III. FURTHER STUDIES ON THE PRODUCT AND ITS RELATION TO THE RIBOSOMAL SYSTEM FOR INCORPORATION

Kenhiko Momose 1 and Akira Kaji 1

From the 1 From the Department of Microbiology, School of Medicine, University of Pennsylvania, Philadelphia, Pennsylvania 19104

The soluble amino acid incorporation system from Escherichia coli was fractionated by density gradient centrifugation and was shown to contain aminoacyl soluble ribonucleic acid (S-RNA) transfer factor, aminoacyl S-RNA synthetase, and acceptor molecules which accept amino acids from aminoacyl S-RNA, but direct evidence that aminoacyl S-RNA transfer factor participates in the soluble system is still lacking. The acceptor molecules are shown to be present also on the ribosomes. Thus the 14C-leucine or 14C-phenylalanine-labeled product of the soluble system was identical with the major product of the ribosomal system obtained in the absence of added messenger RNA. The product of the soluble amino acid incorporation system was digested by trypsin and subjected to paper chromatography and paper electrophoresis. At least four different radioactive components were obtained by these procedures.

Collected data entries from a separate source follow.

(* Let $R$ be a tangible supersemifield, $(q,b)$ a quadratic pair on an $R$-module $V$, $x,y\in V$, and put $\alpha_1=q(x)$, $\alpha_2=q(y)$, $\alpha=b(x,y)$, all assumed nonzero. Choose $\zeta,\eta\in\mathcal T$ with $\alpha\cong_\nu\zeta\alpha_1$ and $\alpha_2\cong_\nu\eta\alpha$. Let $\lambda,\mu\in R$, not both zero. (i) If $\alpha^2>_\nu\alpha_1\alpha_2$ and it is not the case that [$R$ is discrete and $\alpha^2\cong_\nu\pi^{-1}\alpha_1\alpha_2$], then $q(\lambda x+\mu y)=\lambda^2\alpha_1$ if $\lambda>_\nu\zeta\mu$; $=e\lambda^2\alpha_1=e\lambda\mu\alpha$ if $\lambda\cong_\nu\zeta\mu$; $=\lambda\mu\alpha$ if $\eta\mu<_\nu\lambda<_\nu\zeta\mu$; $=e\mu^2\alpha_2=e\lambda\mu\alpha$ if $\lambda\cong_\nu\eta\mu$; $=\mu^2\alpha_2$ if $\lambda<_\nu\eta\mu$. (ii) If $R$ is discrete and $\alpha^2\cong_\nu\pi^{-1}\alpha_1\alpha_2$, then exactly one of $\lambda>_\nu\zeta\mu$, $\lambda\cong_\nu\zeta\mu$, $\lambda\cong_\nu\eta\mu$, $\lambda<_\nu\eta\mu$ holds, and correspondingly $q(\lambda x+\mu y)$ equals $\lambda^2\alpha_1$, $e\lambda^2\alpha_1=e\lambda\mu\alpha$, $e\mu^2\alpha_2=e\lambda\mu\alpha$, $\mu^2\alpha_2$. (iii) If $\alpha^2\le_\nu\alpha_1\alpha_2$, then $q(\lambda x+\mu y)=\lambda^2\alpha_1$ if $\lambda^2\alpha_1>_\nu\mu^2\alpha_2$; $=e\lambda^2\alpha_1=e\mu^2\alpha_2$ if $\lambda^2\alpha_1\cong_\nu\mu^2\alpha_2$ (which can only happen if $\alpha_1\alpha_2$ is a $\nu$-square); $=\mu^2\alpha_2$ if $\lambda^2\alpha_1<_\nu\mu^2\alpha_2$.
   Context: All semirings are commutative with $1$. A semiring $R$ is supertropical if $e:=1+1$ satisfies $e+e=e$ and, for all $x,y\in R$: if $ex\neq ey$ then $x+y\in\{x,y\}$, and if $ex=ey$ then $x+y=ey$. $eR$ is totally ordered by $u\le v\iff u+v=v$; write $x\le_\nu y$, $x\cong_\nu y$, $x<_\nu y$ for $ex\le ey$, $ex=ey$, $ex<ey$. $\mathcal T=R\setminus eR$, $\mathcal G=eR\setminus\{0\}$. A tangible supersemifield is a supertropical semiring in which $\mathcal T$ and $\mathcal G$ are groups under multiplication and $e\mathcal T=\mathcal G$. It is discrete if $\mathcal G$ has a smallest element $c_0>e$, and then $\pi\in\mathcal T$ denotes an element with $e\pi^{-1}=c_0$. An element $a\in R$ is a $\nu$-square if $a\cong_\nu d^2$ for some $d\in R$. A quadratic form on an $R$-module $V$ is a map $q:V\to R$ with $q(ax)=a^2q(x)$ such that some symmetric bilinear $b$ satisfies $q(x+y)=q(x)+q(y)+b(x,y)$; $(q,b)$ is a quadratic pair. *)

From HB Require Import structures.
From mathcomp Require Import all_boot all_order all_algebra.
Set Implicit Arguments. Unset Strict Implicit. Unset Printing Implicit Defensive.
Import GRing.Theory.
Local Open Scope ring_scope.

When 14C-leucine and 14C-phenylalanine are incorporated by the ribosomal system, without addition of messenger RNA, the major portion of the incorporated amino acids had free amino groups which were revealed by the dinitrofluoro-benzene technique for NH2-terminal analysis. This observation suggests that even with the conventional ribosomal system, if the incorporation was studied in the absence of added messenger, the major portion of 14C-leucine and 14C-phenylalanine incorporation is an addition of amino acid to the NH2 group of a preformed acceptor or to a lysine NH2 group in the internal linkage. This incorporation is tentatively called "NH2-group addition" to distinguish it from the usual incorporation representing a chain elongation through successive addition of amino acid at the COOH-terminal end. The NH2 group addition involving ribosomes is dependent on aminoacyl S-RNA, soluble enzymes, and the acceptor substance on ribosomes. It was sensitive to RNase and puromycin but was not dependent on added guanosine triphosphate or messenger RNA. Some release of radioactive product takes place from the ribosomes during the incorporation reaction.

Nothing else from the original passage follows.